The Israel-Palestine conflict is an unresolved issue of international politics dating from the end of the First World War. Palestine was a part of the Ottoman Empire. During the First World War the Ottoman Empire sided with Germany and was defeated. It was then dissolved. Its successor, the Republic of Turkey, transferred Palestine to the British Empire. In 1917, British Foreign Minister Arthur Balfour issued what is known as the Balfour Declaration for the establishment in Palestine of a national home for the Jewish people. In 1947, the United Nations General Assembly approved a plan to partition the Palestinian land and proposed a Jewish state and an Arab state on that land. The Arab state of Palestine included the West Bank, East Jerusalem, the Gaza Strip and some other territories. The Jewish state of Israel was established in 1948 and several wars between the Israelis and Arabs followed.

Mahatma Gandhi wrote in the Harijan: “The cry for a national home for the Jews does not make much appeal to me. Why should they not, like other peoples on earth, make that country their home where they are born and where they earn their livelihood? Palestine belongs to the Arabs in the same sense that England belongs to the English or France to the French. It is wrong and inhuman to impose the Jews on the Arabs. What is going on in Palestine today cannot be justified by any moral code of conduct. Surely it would be a crime against humanity to reduce the proud Arabs so that Palestine can be delivered to the Jews partly or wholly as their national home.
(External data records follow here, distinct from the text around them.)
Lemma tight_dcube_cover n d (C : {set cube n}) x : tight d C -> d <= n -> x \in C ->
  exists2 Q, dcube_of d C Q & x \in Q.
Proof.
elim: n d C x => [|m IH] [|d] C x tC dn xC; try by exists [set x]; rewrite ?dcube0_set1 ?set11.
have [dm|dm] := eqVneq d m.
  by subst d; exists setT; rewrite ?inE // (card_phi_setT (proj2 tC)) dcube_full.
have {dn dm}dm : d < m by rewrite ltn_neqAle dm.
have [tP tR] := tight_proj_reduct tC.
rewrite -(ext_init x) in xC *; move: (init x) (x ord_max) xC => y b yC.
have [yR|yR] := boolP (y \in reduct C).
  have [_ /dcubeP[Y [x0 [cY -> QR]]] yQ] := IH d (reduct C) y tR (ltnW dm) yR.
  exists (subcube (ord_max |: liftset Y) (ext x0 false)); last by rewrite mem_subcube_max_liftset.
  apply/dcubeP; exists (ord_max |: liftset Y), (ext x0 false); split => //.
    by rewrite cardsU1 max_notin_liftset card_liftset cY.
  apply/subsetP => z; rewrite -(ext_init z) mem_subcube_max_liftset => /(subsetP QR).
  by rewrite !inE; case: (z ord_max) => /andP[].
have yP : y \in proj C by rewrite !inE; case: (b) yC => ->; rewrite ?orbT.
have [_ /dcubeP[Y [x0 [cY -> QP]]] yQ] := IH d.+1 (proj C) y tP dm yP.
have [b0 /subsetP Qb0] := ample_subcube_level (tight_ample tC) QP.
have bb : b0 = b.
  apply/eqP; apply: contraNT yR => bb; have := Qb0 y yQ; rewrite !inE.
  by move: yC bb; case: (b); case: (b0) => //= -> _ ->.
exists (subcube (liftset Y) (ext x0 b)); last by rewrite mem_subcube_liftset yQ eqxx.
apply/dcubeP; exists (liftset Y), (ext x0 b); split; rewrite ?card_liftset //.
apply/subsetP => z; rewrite -(ext_init z) mem_subcube_liftset => /andP[qQ /eqP->].
by have := Qb0 _ qQ; rewrite inE bb.
Qed.

Lemma connect_invariant (T : finType) (U : Type) (e : rel T) (f : T -> U) :
  (forall x y, e x y -> f x = f y) -> forall x y, connect e x y -> f x = f y.
Proof.
move=> H x y /connectP[s]; elim: s x => [|z s IH] x /=; first by move=> _ ->.
by case/andP => exz ps ly; rewrite (H _ _ exz); apply: IH.
Qed.

Lemma adj_subcube n (u v : cube n) : adj u v -> exists i, subcube [set i] u = [set u; v].
Proof.
case/cards1P => i Hi; exists i.
have uv j : (u j != v j) = (j == i) by rewrite -in_set1 -Hi inE.
have agree j : j != i -> v j = u j.
  by move=> ji; apply/eqP; rewrite eq_sym; move: (uv j); rewrite (negbTE ji) => /negbFE.
apply/setP => y; rewrite in_set2; apply/subcubeP/orP => [yu|[/eqP->|/eqP-> j]] //; last first.
  by rewrite inE => /agree.
have [yi|yi] := eqVneq (y i) (u i); [left|right]; apply/eqP/ffunP => j.
  by have [->|ji] := eqVneq j i; rewrite ?yi // yu // inE.
have [->|ji] := eqVneq j i; last by rewrite yu ?inE // agree.
by move: yi (uv i); rewrite eqxx; case: (y i); case: (u i); case: (v i).
Qed.

Definition built m d (C C' : {set cube m}) (p : {set cube m} -> bool) :=
  times C' false :|: times C' true :|: \bigcup_(Q | dcube_of d C Q) times Q (p Q).

Lemma mem_built m d (C C' : {set cube m}) p c b :
  (ext c b \in built d C C' p) =
  (c \in C') || [exists Q, [&& dcube_of d C Q, c \in Q & p Q == b]].
Proof.
rewrite /built !inE !mem_times; case: (c \in C') => /=; first by case: b.
apply/bigcupP/existsP => [[Q dQ]|[Q /and3P[dQ cQ /eqP pQ]]].
  by rewrite mem_times => /andP[cQ /eqP pQ]; exists Q; rewrite dQ cQ pQ eqxx.
by exists Q => //; rewrite mem_times cQ pQ eqxx.
Qed.

Section BuiltTight.
Variables (m d : nat) (C C' : {set cube m}) (p : {set cube m} -> bool).
Hypotheses (dm : d < m) (tC : tight d.+1 C) (tC' : tight d C') (C'C : C' \subset C).
Hypothesis p_comp :
  forall Q1 Q2, dcube_of d.+1 C Q1 -> same_comp d.+1 C C' Q1 Q2 -> p Q1 = p Q2.

Lemma eq_p_pathin Q1 Q2 x y : dcube_of d.+1 C Q1 -> dcube_of d.+1 C Q2 ->
  x \in Q1 -> y \in Q2 -> pathin (C :\: C') x y -> p Q1 = p Q2.
Proof.
move=> d1 d2 x1 y2 xy; apply: (p_comp d1); apply: connect1.
by rewrite /cconn d1 d2; apply/exists_inP; exists x => //; apply/exists_inP; exists y.
Qed.

Lemma proj_built : proj (built d.+1 C C' p) = C.
Proof.
apply/setP => c; rewrite in_setU !mem_level !mem_built; apply/idP/idP.
  have inC b : (c \in C') || [exists Q, [&& dcube_of d.+1 C Q, c \in Q & p Q == b]] -> c \in C.
    case/orP => [|/existsP[Q /and3P[/andP[_ QC] cQ _]]]; first exact: (subsetP C'C).
    exact: (subsetP QC).
  by case/orP; apply: inC.
move=> cC; have [//|cC'] := boolP (c \in C').
have [Q dQ cQ] := tight_dcube_cover tC dm cC.
by apply/orP; case pQ: (p Q); [right|left]; apply/existsP; exists Q; rewrite dQ cQ pQ.
Qed.

Lemma reduct_built : reduct (built d.+1 C C' p) = C'.
Proof.
apply/setP => c; rewrite in_setI !mem_level !mem_built; have [//|cC'] := boolP (c \in C').
apply/negP => /andP[/existsP[Q1 /and3P[d1 c1 /eqP p1]] /existsP[Q2 /and3P[d2 c2 /eqP p2]]].
have cD : c \in C :\: C' by rewrite inE cC' (subsetP (proj2 (andP d1))).
by have := eq_p_pathin d1 d2 c1 c2 (introT andP (conj cD (connect0 _ _))); rewrite p1 p2.
Qed.

(* A set with the last coordinate and [d+1] others shattered by the built class
   would give a pattern g on those [d+1] coordinates missed by C'. The points of
   C matching g avoid C' and form an ample, hence connected, class; it contains
   points lifted to both levels, which lie in d-cubes with different bits. *)
Lemma built_vc_le : vc_le (built d.+1 C C' p) d.+1.
Proof.
move=> Y' shY; rewrite (card_unliftset Y').
have hP : #|unliftset Y'| <= d.+1.
  by apply: (proj1 tC); rewrite -proj_built; apply: shatters_unliftset.
have [maxY|] := boolP (ord_max \in Y'); last by rewrite addn0.
rewrite addn1 ltn_neqAle hP andbT; apply/eqP => eZ.
have [g Hg] : exists g : cube m, ~~ [exists c in C', [forall i in unliftset Y', c i == g i]].
  by apply/existsP; rewrite -negb_forall; apply/negP => /(proj1 tC'); rewrite eZ ltnn.
set F := fiber C (unliftset Y') g.
have FC : F \subset C :\: C'.
  apply/subsetP => x; rewrite !inE => /andP[xC xZ]; rewrite xC andbT.
  by apply: contra Hg => xC'; apply/exists_inP; exists x.
have [x xD xF] := shatters_fiber_point g false shY maxY.
have [y yD yF] := shatters_fiber_point g true shY maxY.
rewrite proj_built -/F in xF yF.
have xy : pathin (C :\: C') x y.
  rewrite /pathin (subsetP FC x xF); apply: connect_adj_inS FC _.
  exact: ample_connect (ample_fiber _ _ (tight_ample tC)) xF yF.
have notC' z : z \in F -> z \notin C' by move/(subsetP FC); rewrite inE => /andP[].
move: xD yD; rewrite !mem_built (negbTE (notC' x xF)) (negbTE (notC' y yF)) /=.
move=> /existsP[Q1 /and3P[d1 x1 /eqP p1]] /existsP[Q2 /and3P[d2 y2 /eqP p2]].
by have := eq_p_pathin d1 d2 x1 y2 xy; rewrite p1 p2.
Qed.

Lemma built_tight : tight d.+1 (built d.+1 C C' p).
Proof.
split; first exact: built_vc_le.
by rewrite card_proj_reduct proj_built reduct_built (proj2 tC) (proj2 tC') phiSS.
Qed.
Lemma growth_add (l1 l2 : nat) :
  (l2 <= l1)%nat -> growth (l1 + l2) <= Rpower 2 (L - 1) * growth l1.
Proof.
  intros Hle. apply le_INR in Hle.
  set (M := Rmax (INR l1 / (2 * L)) 1).
  assert (HM : 1 <= M) by apply Rmax_r.
  assert (Hl : INR l1 / (2 * L) <= M) by apply Rmax_l.
  assert (Hdouble : Rmax (INR (l1 + l2) / (2 * L)) 1 <= 2 * M).
  { apply Rmax_lub; [|lra]. rewrite plus_INR.
    apply Rle_trans with (2 * (INR l1 / (2 * L))); [|lra].
    unfold Rdiv. assert (0 < / (2 * L)) by (apply Rinv_0_lt_compat; lra). nra. }
  unfold growth. fold M.
  apply Rpower_le_mult; try lra. apply Rlt_le_trans with 1; [lra | apply Rmax_r].
Qed.

Lemma growth_ge (n : nat) : (1 <= n)%nat -> Rpower (INR n / (2 * L)) (L - 1) <= growth n.
Proof.
  intros Hn. apply le_INR in Hn. simpl in Hn.
  apply Rle_Rpower_l; [lra|]. split; [|apply Rmax_l].
  apply Rdiv_lt_0_compat; lra.
Qed.

End Growth.

Lemma log2_gt_1 (x : R) : 2 < x -> 1 < log2 x.
Proof.
  intros Hx. pose proof ln_lt_2. unfold log2.
  assert (ln 2 < ln x) by (apply ln_increasing; lra).
  apply (Rmult_lt_reg_r (ln 2)); [lra|]. field_simplify; lra.
Qed.

Lemma Rpower_2_log2 (x : R) : 0 < x -> Rpower 2 (log2 x - 1) = x / 2.
Proof.
  intros Hx. pose proof ln_lt_2. unfold Rpower, log2.
  replace ((ln x / ln 2 - 1) * ln 2) with (ln x + - ln 2) by (field; lra).
  rewrite exp_plus, exp_Ropp, !exp_ln by lra. reflexivity.
Qed.
Lemma norm_lt_of_vdot_lt a r : 0 <= r -> vdot a a < r ^+ 2 -> `|a| < r.
Proof.
move=> r_ge0 /(le_lt_trans (sqr_norm_le_vdot a)).
by rewrite ltr_pXn2r ?nnegrE.
Qed.

Lemma vdot_le_mean_square a b : 2%:R * vdot a b <= vdot a a + vdot b b.
Proof. by have := vdot_ge0 (a - b); rewrite vdotBl !vdotBr (vdotC b a); lra. Qed.

Lemma qformE B a : (a^T *m B *m a) 0 0 = qform B a.
Proof. by rewrite /qform /vdot mulmxA. Qed.

Lemma qform0 B : qform B 0 = 0.
Proof. by rewrite /qform mulmx0 vdot0r. Qed.

Lemma qformDm (A B : 'M[R]_n) a : qform (A + B) a = qform A a + qform B a.
Proof. by rewrite /qform mulmxDl vdotDr. Qed.

Lemma qform_scalar k a : qform (k%:M) a = k * vdot a a.
Proof. by rewrite /qform mul_scalar_mx vdotZr. Qed.

Lemma qformZ B k a : qform B (k *: a) = k ^+ 2 * qform B a.
Proof. by rewrite /qform -scalemxAr vdotZl vdotZr mulrA expr2. Qed.

Lemma norm_qform_le B a : `|qform B a| <= n%:R * (n%:R * `|B|) * `|a| ^+ 2.
Proof.
apply: le_trans (norm_vdot_le _ _) _.
rewrite [leRHS](_ : _ = n%:R * (`|a| * (n%:R * (`|B| * `|a|)))); last by ring.
by rewrite ler_wpM2l // ler_wpM2l ?norm_mulmx_le.
Qed.

Section Symmetric.
Variable B : 'M[R]_n.
Hypothesis symB : B^T = B.

Lemma vdot_mulmx_sym a b : vdot a (B *m b) = vdot (B *m a) b.
Proof. by rewrite vdot_mulmx symB. Qed.

Lemma qformD_sym a b :
  qform B (a + b) = qform B a + 2%:R * vdot a (B *m b) + qform B b.
Proof.
rewrite /qform mulmxDr !vdotDl !vdotDr (vdotC b) -vdot_mulmx_sym; ring.
Qed.

Lemma qformB_sym a b :
  qform B (a - b) = qform B a - 2%:R * vdot a (B *m b) + qform B b.
Proof. by rewrite -[- b]scaleN1r qformD_sym qformZ -scalemxAr vdotZr; ring. Qed.

Lemma qform_CauchySchwarz : (forall u, 0 <= qform B u) ->
  forall a b, vdot a (B *m b) ^+ 2 <= qform B a * qform B b.
Proof.
move=> psd a b; set al := qform B a; set be := qform B b; set ga := vdot a (B *m b).
have Ht t : 0 <= al + 2%:R * t * ga + t ^+ 2 * be.
  by have := psd (a + t *: b); rewrite qformD_sym qformZ -scalemxAr vdotZr mulrA.
have al0 : 0 <= al := psd a; have be0 : 0 <= be := psd b.
have [be_gt0|] := ltrP 0 be.
  have := Ht (- (ga / be)); rewrite sqrrN expr_div_n.
  have -> : al + 2%:R * - (ga / be) * ga + ga ^+ 2 / be ^+ 2 * be = al - ga ^+ 2 / be.
    by field; rewrite gt_eqF.
  by rewrite subr_ge0 ler_pdivrMr // mulrC.
move=> be_le0; have {be_le0} be_eq0 : be = 0 by apply/eqP; rewrite eq_le be_le0.
have [->|ga_neq0] := eqVneq ga 0; first by rewrite expr0n mulr_ge0.
have := Ht (- (al + 1) / (2%:R * ga)); rewrite be_eq0 mulr0 addr0.
have -> : 2%:R * (- (al + 1) / (2%:R * ga)) * ga = - (al + 1) by field.
lra.
Qed.
Lemma lnmpow_segment_near {u v} b :
  (forall i, 0 <= u 0 i /\ 0 <= v 0 i) -> (forall i, 0 < u 0 i + v 0 i) ->
  forall t, 0 < t < 1 ->
  `|lnmpow ((1 - t) *: u + t *: v) b -
     ((\sum_(i in [set i | u 0 i == 0]) b 0 i) * ln t +
      (\sum_(i in [set i | v 0 i == 0]) b 0 i) * ln (1 - t))|
  <= \sum_i `|b 0 i| * (`|ln (u 0 i)| + `|ln (v 0 i)|).
Proof.
move=> nn pos t t01.
rewrite /lnmpow !mulr_suml 2!(big_mkcond (fun i => i \in _)) -big_split -sumrB /=.
apply: le_trans (ler_norm_sum _ _ _) _; apply: ler_sum => i _.
have [u0 v0] := nn i; have := @ln_mix_near _ _ _ _ u0 v0 (pos i) t01.
rewrite !inE !mxE; case: (u 0 i == 0); case: (v 0 i == 0) => /=;
  rewrite ?(mul1r, mul0r, mulr0, addr0, add0r, subr0) -?mulrDr -?mulrBr normrM => h;
  exact: ler_wpM2l.
Qed.
End LnMonomial.

Section SolutionSet.
Context {R : realType} {l n m : nat} {A : 'M[R]_(l, m)} {B : 'M[R]_(n, m)}.
Context {b : 'rV[R]_m}.
Hypothesis b_spans_D : (b == kermx (Dmat B))%MS.

Lemma Yc_iff c y : posv c -> Yc A B c y <-> coefP A y /\ lnmpow y b = lnmpow c b.
Proof.
move=> c_gt0; have /eqmxP eqb := b_spans_D.
split => [[Py eq_D]|[Py eq_b]]; have y_gt0 : posv y by case: Py => _ [].
  split => //; apply: expR_inj; rewrite -!mpow_expR //; apply: eq_D.
  by apply/sub_kermxP; rewrite eqb.
split => // z /sub_kermxP; rewrite -eqb => /submxP[a ->].
by rewrite (mx11_scalar a) mul_scalar_mx !mpow_expR // !lnmpowZ eq_b.
Qed.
The nobler course would be to insist on a just treatment of the Jews wherever they are born and bred. The Jews born in France are French in precisely the same sense that Christians born in France are French.”

This is the 50th year of the Israeli occupation of Palestine. It has been 50 years since Israel annexed the Palestinian territories of West Bank, East Jerusalem and Gaza Strip following the six-day Arab-Israel war of June 1967. In the Six-Day War of 1967, Israelis captured and occupied the West Bank, East Jerusalem and the Gaza Strip. Thereafter, Israel tightened its hold over these territories, crushed Palestinian resistance and created hundreds of thousands of refugees. Its discriminating policies affecting every area of Palestinian life have invited comparison with the South African apartheid regime.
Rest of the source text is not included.